Monday, July 23, 2007

there is no illusion here

i wish there could be but there is no hint of it, even in my voice. my sadness now consumes me and I wish I could stop it but i can't.

i don't feel worthy of it and I wish I could I wish for a lot of things.

i wish I could distract myself from these things I don't even know WHY i'm sad. there is something in a good song that makes the teeth in the grin peek out just slightly. are you alone? are you actually or is it just a feeling?

i am nothing and i wish i couldn't feel this. but I can. it's a burden? a blessing? the curse, the love, the only thing i wish I could look for in you. ssso unrealistic. i can't help but hope for something more than what I am seeing.

Saturday, July 14, 2007

blackwood, there is no resistance now

I look back and realize I'm a pretentious fuck. hmm.

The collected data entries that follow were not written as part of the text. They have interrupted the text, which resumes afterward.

(* Let $\mathcal H$ be a Hilbert space of finite dimension $d$ and $\mathcal K$ a finite-dimensional Hilbert space. Let $\{M_j\}_{j=1}^d$ be positive operators on $\mathcal H$ with $M_j>0$ and $\sum_{j=1}^dM_j=I_{\mathcal H}$, let $\{|e_j\rangle\}_{j=1}^d$ be an orthonormal basis of $\mathcal H$, and let $\Phi$ be the quantum-classical channel $\Phi(\sigma)=\sum_{j=1}^d\mathrm{Tr}(M_j\sigma)|e_j\rangle\langle e_j|$. Then for every quantum channel $\Omega:\mathfrak S(\mathcal K)\to\mathfrak S(\mathcal K)$ and every $\rho\in\mathfrak S(\mathcal H\otimes\mathcal K)$, $$H_{\Phi\otimes\Omega}(\rho)\ge H_\Phi(\mathrm{Tr}_{\mathcal K}(\rho))+H_\Omega(\mathrm{Tr}_{\mathcal H}(\rho)).$$
   Context: $\mathfrak S(\cdot)$ denotes the set of density operators; a quantum channel is a completely positive trace-preserving linear map; $S(\sigma)=-\mathrm{Tr}(\sigma\log\sigma)$ is the von Neumann entropy. For a channel $\Psi$ with input space $\mathcal L$ and $\sigma\in\mathfrak S(\mathcal L)$, $H_\Psi(\sigma):=\min\sum_{j}\pi_jS(\Psi(\sigma_j))$, the minimum over all finite decompositions $\sigma=\sum_j\pi_j\sigma_j$ with $\{\pi_j\}$ a probability distribution and $\sigma_j\in\mathfrak S(\mathcal L)$. *)

From mathcomp Require Import all_boot all_algebra.
From mathcomp Require Import boolp classical_sets reals exp.
From mathcomp Require Import complex mxtens.

Set Implicit Arguments.
Unset Strict Implicit.
Unset Printing Implicit Defensive.
Lemma kummer_adjoin_degree (y : L) : prime p -> y ^+ p \in F ->
  adjoin_degree F y = 1%N \/ adjoin_degree F y = p.
Proof.
move=> p_prime yp_in; have [->|y_neq0] := eqVneq y 0; first by rewrite adjoin0_deg; left.
have p_gt0 := prime_gt0 p_prime.
have le_deg_p : (adjoin_degree F y <= p)%N.
  have := dvdp_leq (XnsubC_neq0 _ p_gt0) (minPoly_dvd_XnsubC yp_in).
  by rewrite size_minPoly size_XnsubC.
have [lt_deg_p|] := ltnP (adjoin_degree F y) p; last first.
  by move=> le_p_deg; right; apply/eqP; rewrite eqn_leq le_deg_p.
left; apply/eqP; rewrite adjoin_deg_eq1.
have deg_gt0 : (0 < adjoin_degree F y)%N by [].
have cop_deg_p : coprime (adjoin_degree F y) p.
  by rewrite coprime_sym prime_coprime // gtnNdvd.
exact: mem_coprime_expr deg_gt0 cop_deg_p (expr_adjoin_degree_mem y_neq0 yp_in) yp_in.
Qed.

End PrimitiveRoot.

End Kummer.

Section PrimePowerRoots.
Variables (K : fieldType) (L : fieldExtType K).

Lemma prim_root_in_alg (z : K) p : prime p -> z ^+ p = 1 -> z != 1 ->
  p.-primitive_root (z%:A : L).
Proof.
move=> p_prime zp z_neq1.
have wp : (z%:A : L) ^+ p = 1 by rewrite -(rmorphXn (in_alg L)) /= zp scale1r.
have [d prim_d d_dvd_p] := prim_order_exists (prime_gt0 p_prime) wp.
have [d1|d_neq1] := eqVneq d 1%N; last by rewrite -(prime_nt_dvdP p_prime d_neq1 d_dvd_p).
move: prim_d; rewrite d1 => /prim_expr_order; rewrite expr1 => /eqP.
by rewrite (fmorph_eq1 (in_alg L)) (negPf z_neq1).
Qed.
(* [h o ln] is continuous, log-periodic and positive except at the points
   [x0 b^n], where it vanishes only logarithmically.  Hence on the
   window [[x - x^th, x + 1]] it is, up to a factor [1 +- e], a constant
   [c >= 1 / ln x]: away from [x0 b^n] by uniform continuity at the scale [b^n],
   and near it because the logarithm varies little, except within distance [e]
   of [x0 b^n].  So [phi] is nearly [c x^(-alpha-1)] there.  Splitting the
   convolution at [A = x^th], the two (symmetric) end pieces are each
   [~ c x^(-alpha-1) int_1^A phi ~ c x^(-alpha-1) M], the middle piece is
   [O(x^(-alpha-1) A^(-alpha)) = o(x^(-alpha-1) / ln x)], and
   [int_x^(x+1) phi ~ c x^(-alpha-1)]; the exceptional [e]-window costs [O(e)]. *)

From Pilot Require Import Defs.
From Stdlib Require Import Reals Lra Lia ZArith ClassicalEpsilon.
From Coquelicot Require Import Coquelicot.
Open Scope R_scope.

Notation at_top := (Rbar_locally p_infty).

Lemma RInt_Defs (f : R -> R) a b : ex_RInt f a b -> Defs.RInt f a b = RInt f a b.
Proof.
  intros H. unfold Defs.RInt.
  assert (E : exists l, exists pr : Riemann_integrable f a b, RiemannInt pr = l).
  { exists (RiemannInt (ex_RInt_Reals_0 _ _ _ H)). eexists; reflexivity. }
  destruct (epsilon_spec (inhabits 0) _ E) as [pr <-].
  symmetry. apply RInt_Reals.
Qed.

Lemma integrable_on_ex_RInt (f : R -> R) a b : ex_RInt f a b -> integrable_on f a b.
Proof. intros H. constructor. exact (ex_RInt_Reals_0 _ _ _ H). Qed.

felt oddly like home or something and repeating the same miakes and the words flow together i recall t feelings when I read the words

i'm not that hard to decode try me try me
well if you know me anyway do you?

this is piracy it's privacy and it's all I asked for really i feel wretched and cold and i can't even comprehend what i'm typing and it's scaring me a little bit and I wish I knew what I was saying and I'm freaking out xadjkkdkjgt

i still feel like there is no escape from my mind. oh help me something someone? why do I keep asking this if no one will respond or care?

i still don't know what's happening.